• Task item:
You are asked to write out the entries exactly as they are given.

• Data in this exercise:
Theorem lemma3p3 (T : finType) (g : rel T) :
  simple_graph g -> connected_graph g ->
  forall (x y u v : T) (E F : edgeT g),
    g x y -> g u v -> val E = [set x; y] -> val F = [set u; v] ->
    Theta g (x, y) (u, v) ->
    (exists a b : T, [/\ a \in val E, b \in val F &
        Theta (Srel (g:=g)) (inl a, inr E) (inl b, inr F)])
    /\
    (bipartite g ->
      exists a b a' b' : T,
        [/\ a \in val E, b \in val F, a' \in val E & b' \in val F] /\
        [/\ Theta (Srel (g:=g)) (inl a, inr E) (inl b, inr F),
            Theta (Srel (g:=g)) (inl a', inr E) (inl b', inr F) &
            [set (a, E); (b, F)] :&: [set (a', E); (b', F)] = set0]).
Proof.
move=> [g_sym g_irr] g_conn x y u v E F gxy guv hE hF theta.
have [<-|neq_EF] := eqVneq E F; last first.
  split; first exact (Theta_subdiv_endpoints g_sym g_conn hE hF neq_EF theta).
  exact (Theta_subdiv_two_pairs g_sym g_conn hE hF neq_EF theta gxy guv).
have neq_xy : x != y by apply: contraTneq gxy => ->; rewrite g_irr.
have [xE yE] : x \in val E /\ y \in val E by rewrite hE !inE !eqxx ?orbT.
have diag := Theta_subdiv_diag g_conn (E:=E).
split=> [|_]; first by exists x, x.
exists x, x, y, y; split; first exact: And4.
split; [exact: diag | exact: diag |].
by apply: setI_set2_eq0; rewrite xpair_eqE eqxx andbT.
Qed.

• Response area:
Theorem lemma3p3 (T : finType) (g : rel T) :
  simple_graph g -> connected_graph g ->
  forall (x y u v : T) (E F : edgeT g),
    g x y -> g u v -> val E = [set x; y] -> val F = [set u; v] ->
    Theta g (x, y) (u, v) ->
    (exists a b : T, [/\ a \in val E, b \in val F &
        Theta (Srel (g:=g)) (inl a, inr E) (inl b, inr F)])
    /\
    (bipartite g ->
      exists a b a' b' : T,
        [/\ a \in val E, b \in val F, a' \in val E & b' \in val F] /\
        [/\ Theta (Srel (g:=g)) (inl a, inr E) (inl b, inr F),
            Theta (Srel (g:=g)) (inl a', inr E) (inl b', inr F) &
            [set (a, E); (b, F)] :&: [set (a', E); (b', F)] = set0]).
Proof.
move=> [g_sym g_irr] g_conn x y u v E F gxy guv hE hF theta.
have [<-|neq_EF] := eqVneq E F; last first.
  split; first exact (Theta_subdiv_endpoints g_sym g_conn hE hF neq_EF theta).
  exact (Theta_subdiv_two_pairs g_sym g_conn hE hF neq_EF theta gxy guv).
have neq_xy : x != y by apply: contraTneq gxy => ->; rewrite g_irr.
have [xE yE] : x \in val E /\ y \in val E by rewrite hE !inE !eqxx ?orbT.
have diag := Theta_subdiv_diag g_conn (E:=E).
split=> [|_]; first by exists x, x.
exists x, x, y, y; split; first exact: And4.
split; [exact: diag | exact: diag |].
by apply: setI_set2_eq0; rewrite xpair_eqE eqxx andbT.
Qed.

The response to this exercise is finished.